Judge Roberts has drawn criticism from civil libertarians for joining a recent opinion in which a three-judge panel of the D.C. circuit upheld the Bush administration's procedures for military tribunals to try foreign detainees at the Guantanamo Bay Naval Base in Cuba.
But, the first test of Judge Roberts' attitude toward the president's authority as commander-in-chief would come in a very different context. On Nov. 29 the justices will hear arguments in a case challenging a law that requires law schools that receive federal funds to allow military recruiters on campus.
Under a nondiscrimination policy adopted by the American Association of Law Schools, virtually every law school in the nation requires employers to sign a statement affirming that they do not discriminate on the basis of sexual orientation. After law schools turned away military recruiters because of the armed services' policies against homosexuality, Congress passed the so-called Solomon Amendment in 1994 ordering law schools that receive federal funds to welcome military recruiters.

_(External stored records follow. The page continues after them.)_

(* Let $k\ge\ell\ge1$ be integers with $k+\ell\ge6$ and let $G$ be a finite digraph. For every $v\in V(G)$, $$s(v)\le\frac{1}{m+1}\left(\lambda_0\,\rho(v)^m+\lambda_1\,\rho(v)(1-\rho(v))^{m-1}\right).$$
   Context: Put $m=k+\ell$, $\lambda_0=k^k\ell^\ell/m^m$, $\lambda_1=k^k\ell(\ell-1)^{\ell-1}/(m-1)^{m-1}$ (with $0^0=1$). Digraphs are finite, without loops; $xy$ denotes an arc from $x$ to $y$; two vertices are adjacent if at least one of $xy,yx$ is an arc. The oriented star $S_{k,\ell}$ has a center $c$, a set $O$ of $k$ out-leaves and a set $I$ of $\ell$ in-leaves; its arcs are exactly $co$ ($o\in O$) and $ic$ ($i\in I$). For a digraph $G$ on $n$ vertices, let $\phi$ be a uniformly random map from $V(S_{k,\ell})$ to $V(G)$ (all $n^{m+1}$ maps equally likely), and let $\mathcal S$ be the set of maps $\phi$ that are isomorphisms from $S_{k,\ell}$ onto $G[\mathrm{Im}\,\phi]$ (in particular injective). $s(v)=\Pr[\phi\in\mathcal S\mid v\in\mathrm{Im}\,\phi]$. $\rho(v)$ is the number of vertices adjacent to $v$, divided by $n$. *)

From mathcomp Require Import all_boot all_order all_algebra.
Set Implicit Arguments. Unset Strict Implicit. Unset Printing Implicit Defensive.
Import Order.TTheory GRing.Theory Num.Theory.

(* Vertices of the oriented star S_{k,l} are 'I_(k+l).+1:
   0 is the center c, 1..k are the k out-leaves (arcs c -> o),
   k+1..k+l are the l in-leaves (arcs i -> c). *)
Definition star_arc (k l : nat) (i j : 'I_(k + l).+1) : bool :=
  ((i == 0 :> nat) && (1 <= j <= k)) || ((j == 0 :> nat) && (k < i)).

(* A digraph is a finite type V with an arc relation; "no loops" is
   assumed as irreflexivity in the theorem. *)
(* phi is an isomorphism from S_{k,l} onto G[Im phi]. *)
Definition is_star_copy (V : finType) (arc : rel V) (k l : nat)
    (phi : {ffun 'I_(k + l).+1 -> V}) : bool :=
  injectiveb phi && [forall i, forall j, arc (phi i) (phi j) == @star_arc k l i j].

(* s(v) = Pr[phi in S | v in Im phi] for phi uniform over all maps. *)
Definition s_star (R : fieldType) (V : finType) (arc : rel V) (k l : nat)
    (v : V) : R :=
  (#|[set phi : {ffun 'I_(k + l).+1 -> V} | @is_star_copy V arc k l phi && (v \in codom phi)]|%:R)
  / (#|[set phi : {ffun 'I_(k + l).+1 -> V} | v \in codom phi]|%:R).

Definition adjacent (V : finType) (arc : rel V) (x y : V) : bool :=
  arc x y || arc y x.

Definition rho (R : fieldType) (V : finType) (arc : rel V) (v : V) : R :=
  (#|[set u | adjacent arc v u]|%:R) / (#|V|%:R).

(* lambda_0 = k^k l^l / m^m and lambda_1 = k^k l (l-1)^(l-1) / (m-1)^(m-1),
   with m = k + l and 0^0 = 1 (as for expn). *)
Definition lambda0 (R : fieldType) (k l : nat) : R :=
  ((k ^ k * l ^ l)%N%:R) / (((k + l) ^ (k + l))%N%:R).

Definition lambda1 (R : fieldType) (k l : nat) : R :=
  ((k ^ k * l * (l - 1) ^ (l - 1))%N%:R) / (((k + l - 1) ^ (k + l - 1))%N%:R).

From mathcomp Require Import all_boot all_order all_algebra.
From mathcomp Require Import ring lra zify.
Import Order.TTheory GRing.Theory Num.Theory.
Set Implicit Arguments. Unset Strict Implicit. Unset Printing Implicit Defensive.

But in 1994 the 3rd U.S. Circuit Court of Appeals in Philadelphia ruled 2-1 that the Solomon Amendment violated the First Amendment rights of the law schools by tying federal aid to the "unconstitutional condition" of violating their principles about nondiscrimination.
In asking the Supreme Court to review the 3rd Circuit ruling, the Bush administration has made two arguments: that the Solomon Amendment does not interfere with free speech because the law schools are free to decline federal funding, and that access for military recruiters is especially important "as we engage in the global war on terrorism."